■ **Exercise instructions**: Go through the data line by line. Copy each one holding the string "reflexivity".

Stored items from a collection:
══════════

Definition bessel_phi (z : R) : R := PSeries bessel_coef z.
Definition bessel_dphi (z : R) : R := PSeries (PS_derive bessel_coef) z.
Definition bessel_d2phi (z : R) : R := PSeries (PS_derive (PS_derive bessel_coef)) z.

Lemma bessel_coef_0 : bessel_coef 0 = 1.
Proof. unfold bessel_coef; simpl. field. apply INR_fact_neq_0. Qed.

Lemma bessel_coef_S j : bessel_coef (S j) = - bessel_coef j / (4 * INR (S j) * INR (S j + m)).
Proof.
  unfold bessel_coef. replace (S j + m)%nat with (S (j + m)) by lia.
  rewrite !fact_simpl, !mult_INR. simpl pow.
  assert (0 < INR (S j)) by (apply lt_0_INR; lia).
  assert (0 < INR (S (j + m))) by (apply lt_0_INR; lia).
  field; repeat split; try apply INR_fact_neq_0; try lra. apply pow_nonzero; lra.
Qed.

Lemma bessel_coef_neq_0 j : bessel_coef j <> 0.
Proof.
  unfold bessel_coef. assert (4 ^ j <> 0) by (apply pow_nonzero; lra).
  assert (INR (fact j) <> 0) by apply INR_fact_neq_0.
  assert (INR (fact m) <> 0) by apply INR_fact_neq_0.
  assert (INR (fact (j + m)) <> 0) by apply INR_fact_neq_0.
  assert ((-1) ^ j <> 0) by (apply pow_nonzero; lra).
  unfold Rdiv. repeat apply Rmult_integral_contrapositive_currified; auto.
  apply Rinv_neq_0_compat. repeat apply Rmult_integral_contrapositive_currified; auto.
Qed.

Lemma CV_radius_bessel_coef : CV_radius bessel_coef = p_infty.
Proof.
  apply CV_radius_infinite_DAlembert; [apply bessel_coef_neq_0|].
  apply is_lim_seq_le_le with (u := fun _ => 0) (w := fun n => / INR (S n)).
  - intros n. rewrite bessel_coef_S.
    assert (0 < INR (S n)) by (apply lt_0_INR; lia).
    assert (1 <= INR (S n + m)) by (apply (le_INR 1); lia).
    replace (- bessel_coef n / (4 * INR (S n) * INR (S n + m)) / bessel_coef n)
      with (- / (4 * INR (S n) * INR (S n + m)))
      by (field; repeat split; try lra; apply bessel_coef_neq_0).
    rewrite Rabs_Ropp, Rabs_right by (left; apply Rinv_0_lt_compat; nra).
    split; [left; apply Rinv_0_lt_compat; nra|]. apply Rinv_le_contravar; nra.
  - apply is_lim_seq_const.
  - apply (is_lim_seq_incr_1 (fun n => / INR n)).
    replace (Finite 0) with (Rbar_inv p_infty) by reflexivity.
    apply is_lim_seq_inv; [apply is_lim_seq_INR|discriminate].
Qed.

Lemma CV_radius_bessel_dcoef : CV_radius (PS_derive bessel_coef) = p_infty.
Proof. rewrite CV_radius_derive; apply CV_radius_bessel_coef. Qed.

Lemma CV_radius_bessel_d2coef : CV_radius (PS_derive (PS_derive bessel_coef)) = p_infty.
Proof. rewrite CV_radius_derive; apply CV_radius_bessel_dcoef. Qed.

Lemma is_derive_bessel_phi z : is_derive bessel_phi z (bessel_dphi z).
Proof. apply is_derive_PSeries, inside_infinite_radius, CV_radius_bessel_coef. Qed.

Lemma is_derive_bessel_dphi z : is_derive bessel_dphi z (bessel_d2phi z).
Proof. apply is_derive_PSeries, inside_infinite_radius, CV_radius_bessel_dcoef. Qed.

(* The coefficient recursion [bessel_coef_S] is the ODE read off coefficientwise. *)
Lemma bessel_phi_ode z :
  4 * z * bessel_d2phi z + (4 * INR m + 4) * bessel_dphi z + bessel_phi z = 0.
Proof.
  assert (H0 : is_pseries bessel_coef z (bessel_phi z))
    by apply PSeries_correct, CV_radius_inside, inside_infinite_radius, CV_radius_bessel_coef.
  assert (H1 : is_pseries (PS_derive bessel_coef) z (bessel_dphi z))
    by apply PSeries_correct, CV_radius_inside, inside_infinite_radius, CV_radius_bessel_dcoef.
  assert (H2 : is_pseries (PS_derive (PS_derive bessel_coef)) z (bessel_d2phi z))
    by apply PSeries_correct, CV_radius_inside, inside_infinite_radius, CV_radius_bessel_d2coef.
  apply is_pseries_incr_1, (is_pseries_scal 4) in H2; [|apply Rmult_comm].
  apply (is_pseries_scal (4 * INR m + 4)) in H1; [|apply Rmult_comm].
  pose proof (is_pseries_unique _ _ _ (is_pseries_plus _ _ _ _ _ (is_pseries_plus _ _ _ _ _ H2 H1) H0)) as H.
  rewrite (PSeries_ext _ (fun _ => 0)), PSeries_const_0 in H.
  { unfold plus, scal in H; simpl in H; unfold mult in H; simpl in H. lra. }
  intros n. unfold PS_plus, PS_scal, PS_incr_1, PS_derive, plus, scal; simpl; unfold mult; simpl.
  assert (0 <= INR m) by apply pos_INR.
  destruct n as [|n].
  - rewrite bessel_coef_S, bessel_coef_0. unfold zero.
    replace (AbelianMonoid.zero _ _) with 0 by reflexivity.
    replace (INR (1 + m)) with (INR m + 1) by (rewrite plus_INR; simpl; ring).
    simpl INR. field. lra.
  - rewrite (bessel_coef_S (S n)).
    replace (INR (S (S n) + m)) with (INR (S n) + 1 + INR m) by (rewrite plus_INR, !S_INR; ring).
    change (match n with 0%nat => 1 | S _ => INR n + 1 end) with (INR (S n)).
    assert (0 < INR (S n)) by (apply lt_0_INR; lia).
    rewrite !S_INR in *. field. lra.
Qed.

(* A Lyapunov function of the ODE: it decreases on [0, +oo) and dominates [bessel_phi ^ 2]. *)
Definition bessel_energy (z : R) : R := bessel_phi z ^ 2 + 4 * z * bessel_dphi z ^ 2.

Lemma is_derive_bessel_energy z :
  is_derive bessel_energy z (- (8 * INR m + 4) * bessel_dphi z ^ 2).
Proof.
  unfold bessel_energy. auto_derive.
  - repeat split; eexists; [apply is_derive_bessel_phi|apply is_derive_bessel_dphi].
  - replace (Derive (fun x => bessel_phi x) z) with (bessel_dphi z)
      by (symmetry; apply is_derive_unique, is_derive_bessel_phi).
    replace (Derive (fun x => bessel_dphi x) z) with (bessel_d2phi z)
      by (symmetry; apply is_derive_unique, is_derive_bessel_dphi).
    pose proof (bessel_phi_ode z). nra.
Qed.

Lemma Rabs_bessel_phi_le_1 z : 0 <= z -> Rabs (bessel_phi z) <= 1.
Proof.
  intros Hz.
  destruct (MVT_cor4 bessel_energy (fun c => - (8 * INR m + 4) * bessel_dphi c ^ 2) 0 z)
    with (b := z) as [c [Hc _]].
  - intros c _. apply is_derive_bessel_energy.
  - rewrite Rminus_0_r, Rabs_right; lra.
  - assert (E0 : bessel_energy 0 = 1)
      by (unfold bessel_energy, bessel_phi; rewrite PSeries_0, bessel_coef_0; ring).
    assert (0 <= INR m) by apply pos_INR.
    assert (0 <= (8 * INR m + 4) * bessel_dphi c ^ 2 * z)
      by (apply Rmult_le_pos; [apply Rmult_le_pos; [lra|apply pow2_ge_0]|lra]).
    assert (0 <= 4 * z * bessel_dphi z ^ 2) by (apply Rmult_le_pos; [lra|apply pow2_ge_0]).
    unfold bessel_energy in Hc, E0. apply Rabs_le. nra.
Qed.

End BesselBound.

Lemma is_series_bessel_term_phi m t :
  is_series (bessel_term m t) ((t / 2) ^ m / INR (fact m) * bessel_phi m (t ^ 2)).
Proof.
  assert (H : is_pseries (bessel_coef m) (t ^ 2) (bessel_phi m (t ^ 2)))
    by apply PSeries_correct, CV_radius_inside, inside_infinite_radius, CV_radius_bessel_coef.
  apply is_pseries_R, (is_series_scal_l ((t / 2) ^ m / INR (fact m))) in H.
  eapply is_series_ext; [|exact H].
  intros n. unfold scal; simpl; unfold mult; simpl. unfold bessel_term, bessel_coef.
  rewrite pow_add, pow_mult.
  replace ((t / 2) ^ 2) with (t * (t * 1) * / 4) by field.
  rewrite (Rpow_mult_distr (t * (t * 1)) (/ 4)), pow_inv, (Nat.add_comm n m).
  field; repeat split; try apply INR_fact_neq_0; apply pow_nonzero; lra.
Qed.

Lemma besselJ_eq m t : besselJ m t = (t / 2) ^ m / INR (fact m) * bessel_phi m (t ^ 2).
Proof.
  assert (Hs := is_series_bessel_term_phi m t).
  assert (Hex : exists l, infinite_sum (bessel_term m t) l)
    by (eexists; apply is_series_Reals; exact Hs).
  pose proof (epsilon_spec (inhabits 0) _ Hex) as H.
  apply is_series_Reals, is_series_unique in H. apply is_series_unique in Hs.
  unfold besselJ. etransitivity; [symmetry; exact H|exact Hs].
Qed.

Lemma is_lim_seq_fsum_bessel_term m t :
  is_lim_seq (fun L => fsum L (bessel_term m t)) (besselJ m t).
Proof.
  rewrite besselJ_eq. apply is_lim_seq_fsum, is_series_Reals, is_series_bessel_term_phi.
Qed.

Lemma Rabs_besselJ_le m t : Rabs (besselJ m t) <= Rabs (t / 2) ^ m / INR (fact m).
Proof.
  assert (Hf := INR_fact_lt_0 m).
  rewrite besselJ_eq, Rabs_mult, <- (Rmult_1_r (Rabs (t / 2) ^ m / INR (fact m))).
  replace (Rabs ((t / 2) ^ m / INR (fact m))) with (Rabs (t / 2) ^ m / INR (fact m))
    by (unfold Rdiv; rewrite RPow_abs, Rabs_mult, Rabs_inv, (Rabs_right (INR _)); lra).
  apply Rmult_le_compat_l.
  - apply Rmult_le_pos; [apply pow_le, Rabs_pos|left; apply Rinv_0_lt_compat; lra].
  - apply Rabs_bessel_phi_le_1, pow2_ge_0.
Qed.

(** * Truncating the Neumann series *)

Lemma Rabs_lim_minus_fsum_le (a : nat -> R) (L : R) M B :
  is_lim_seq (fun N => fsum N a) L ->
  (forall n, Rabs (fsum n (fun i => a (M + i)%nat)) <= B) ->
  Rabs (L - fsum M a) <= B.
Proof.
  intros HL HB.
  assert (Hlim : is_lim_seq (fun n => Rabs (fsum (n + M) a - fsum M a)) (Rabs (L - fsum M a))).
  { apply (is_lim_seq_abs _ (Finite (L - fsum M a))), is_lim_seq_minus'.
    - apply (is_lim_seq_incr_n (fun N => fsum N a)), HL.
    - apply is_lim_seq_const. }
  refine (is_lim_seq_le _ _ _ _ _ Hlim (is_lim_seq_const B)).
  intros n. rewrite Nat.add_comm, fsum_add.
  replace (fsum M a + fsum n (fun i => a (M + i)%nat) - fsum M a)
    with (fsum n (fun i => a (M + i)%nat)) by ring.
  apply HB.
Qed.

Lemma fsum_exp_le x N : 0 <= x -> fsum N (fun j => x ^ j / INR (fact j)) <= exp x.
Proof.
  intros Hx. apply (is_lim_seq_incr_compare (fun N => fsum N (fun j => x ^ j / INR (fact j)))).
  - apply (is_lim_seq_ext (fun N => fsum N (fun i => / INR (fact i) * x ^ i))).
    + intros; apply fsum_ext; intros; unfold Rdiv; ring.
    + apply is_lim_seq_fsum. unfold exp. destruct (exist_exp x) as [l Hl]. exact Hl.
  - intros n. simpl. assert (0 <= x ^ n / INR (fact n)); [|lra].
    apply Rmult_le_pos; [apply pow_le; auto|left; apply Rinv_0_lt_compat, INR_fact_lt_0].
Qed.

══════════

■ **Task response**:
    replace (Finite 0) with (Rbar_inv p_infty) by reflexivity.
    replace (AbelianMonoid.zero _ _) with 0 by reflexivity.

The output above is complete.